A recent MPS algorithm used to accomplish this task is the pattern-based method by Honarkhah. In this method, a distance-based approach is employed to analyze the patterns in the training image. This allows the reproduction of the multiple-point statistics, and the complex geometrical features of the training image. Each output of the MPS algorithm is a realization that represents a random field. Together, several realizations may be used to quantify spatial uncertainty.

One of the recent methods is presented by Tahmasebi et al. uses a cross-correlation function to improve the spatial pattern reproduction. They call their MPS simulation method as the CCSIM algorithm. This method is able to quantify the spatial connectivity, variability and uncertainty. Furthermore, the method is not sensitive to any type of data and is able to simulate both categorical and continuous scenarios. CCSIM algorithm is able to be used for any stationary, non-stationary and multivariate systems and it can provide high quality visual appeal model.,

== Geospatial and hydrospatial analysis ==

Geospatial and hydrospatial analysis, or just spatial analysis, is an approach to applying statistical analysis and other analytic techniques to data which has a geographical or spatial aspect.
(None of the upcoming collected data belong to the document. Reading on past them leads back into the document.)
Lemma mod_iso_lquot x (P : A -> Prop) :
  generator x -> (forall a, left_span P a <-> ann x a) -> mod_iso M (lquot P).
Proof.
move=> gen_x spanP.
pose g (q : lquot P) := repr q *: x.
have g_pi a : g (\pi a) = a *: x.
  by apply/eqP; rewrite -subr_eq0 -scalerBl; apply/eqP/spanP/lquot_eqP; rewrite reprK.
have [e xe] := choice gen_x.
pose f z := \pi_(lquot P) (e z).
have fK : cancel f g by move=> z; rewrite g_pi -xe.
have gK : cancel g f.
  elim/quotW => a; apply/lquot_eqP/spanP.
  by rewrite /ann scalerBl -xe g_pi subrr.
have gD : {morph g : q r / q + r}.
  by elim/quotW => a; elim/quotW => b; rewrite -raddfD !g_pi scalerDl.
have gZ c : {morph g : q / c *: q}.
  by elim/quotW => a; rewrite pi_lquotZ !g_pi scalerA.
exists f; split; last by exists g.
- by move=> z w; apply: (can_inj gK); rewrite gD !fK.
- by move=> c z; apply: (can_inj gK); rewrite gZ !fK.
Qed.

End Modules.

Section Forward.
Variable A : pzRingType.
Hypotheses (simple_finite : forall M : lmodType A, simple_module M -> finite_module M)
  (simple_fin_presented : forall M : lmodType A, simple_module M -> fin_presented M).
Implicit Types (I m : A -> Prop).

Definition fg_cofinite_above_jacobson I := [/\ left_ideal I,
  forall x, jacobson x -> I x, finite_cosets I & left_ideal_fg I].

Definition maximal_missing I m := maximal_left_ideal m /\ ~ (forall x, I x -> m x).

Definition shrink I : A -> Prop :=
  if pselect (exists m, maximal_missing I m) is left ex_m
  then fun x => I x /\ sval (cid ex_m) x else I.

Lemma shrink_sub I x : shrink I x -> I x.
Proof. by rewrite /shrink; case: (pselect (exists m, maximal_missing I m)) => // ? []. Qed.

Lemma fg_cofinite_shrink I :
  fg_cofinite_above_jacobson I -> fg_cofinite_above_jacobson (shrink I).
Proof.
rewrite /shrink; case: pselect => // ex_m [I_ideal JI I_cofinite I_fg].
case: (cid ex_m) => m /= [m_max /existsNP[x /not_implyP[Ix mNx]]].
have [m_ideal _ _] := m_max.
have m_simple := simple_lquot m_max; rewrite -(left_span_idE m_ideal).
split.
- by apply: left_idealI; rewrite ?left_span_idE.
- by move=> y Jy; split; [apply: JI | rewrite left_span_idE //; exact: Jy _ m_max].
- apply: finite_cosetsI => //; first exact: left_ideal_span.
  exact/finite_cosets_lquot/simple_finite.
- have [i [n [Ii mn e]]] := maximal_left_ideal_comax I_ideal m_max Ix mNx.
  apply: (left_ideal_fgI_comax I_ideal (left_ideal_span m) I_fg _ Ii _ e).
    exact/left_ideal_fg_lquot/simple_fin_presented.
  by rewrite left_span_idE.
Qed.

Lemma shrink_fixed I : (forall x, I x -> shrink I x) ->
  forall m, maximal_left_ideal m -> forall x, I x -> m x.
Proof.
rewrite /shrink; case: pselect => [ex_m|no_m] I_shrink m m_max x Ix; last first.
  by apply: contrapT => mNx; apply: no_m; exists m; split=> // /(_ x Ix).
by case: (cid ex_m) I_shrink => m' /= [_ m'NI] I_shrink; case: m'NI => y /I_shrink[].
Qed.

Lemma finite_jacobson_of_semilocal : semilocal A ->
  quot_jacobson_finite A /\ jacobson_fg A.
Proof.
move=> A_semilocal; pose chain k := iter k shrink (fun _ => True).
have chain_good k : fg_cofinite_above_jacobson (chain k).
  elim: k => [|k IHk]; last exact: fg_cofinite_shrink.
  split=> //; first by exists [:: 0] => x; exists 0; rewrite ?mem_seq1.
  by exists 1%N, (fun _ => 1); split=> // x _; exists (fun _ => x); rewrite big_ord1 mulr1.
have [N chainN] : exists N, forall k, (N <= k)%N -> forall x, chain k x <-> chain N x.
  apply: A_semilocal => [k|k x|k x]; last exact: shrink_sub.
    by case: (chain_good k).
  by case: (chain_good k) => _ + _ _; apply.
have chainN_jacobson : chain N = @jacobson A.
  apply/funext => x; apply/propext; split; last by case: (chain_good N) => _ + _ _; apply.
  move=> chainNx m m_max; apply: (shrink_fixed _ m_max chainNx) => y.
  exact: (chainN N.+1 (leqnSn N) y).2.
by have [_ _] := chain_good N; rewrite chainN_jacobson.
Qed.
Such analysis would typically employ software capable of rendering maps processing spatial data, and applying analytical methods to terrestrial or geographic datasets, including the use of geographic information systems and geomatics.

=== Geographical information system usage ===
Geographic information systems (GIS) — a large domain that provides a variety of capabilities designed to capture, store, manipulate, analyze, manage, and present all types of geographical data — utilizes geospatial and hydrospatial analysis in a variety of contexts, operations and applications.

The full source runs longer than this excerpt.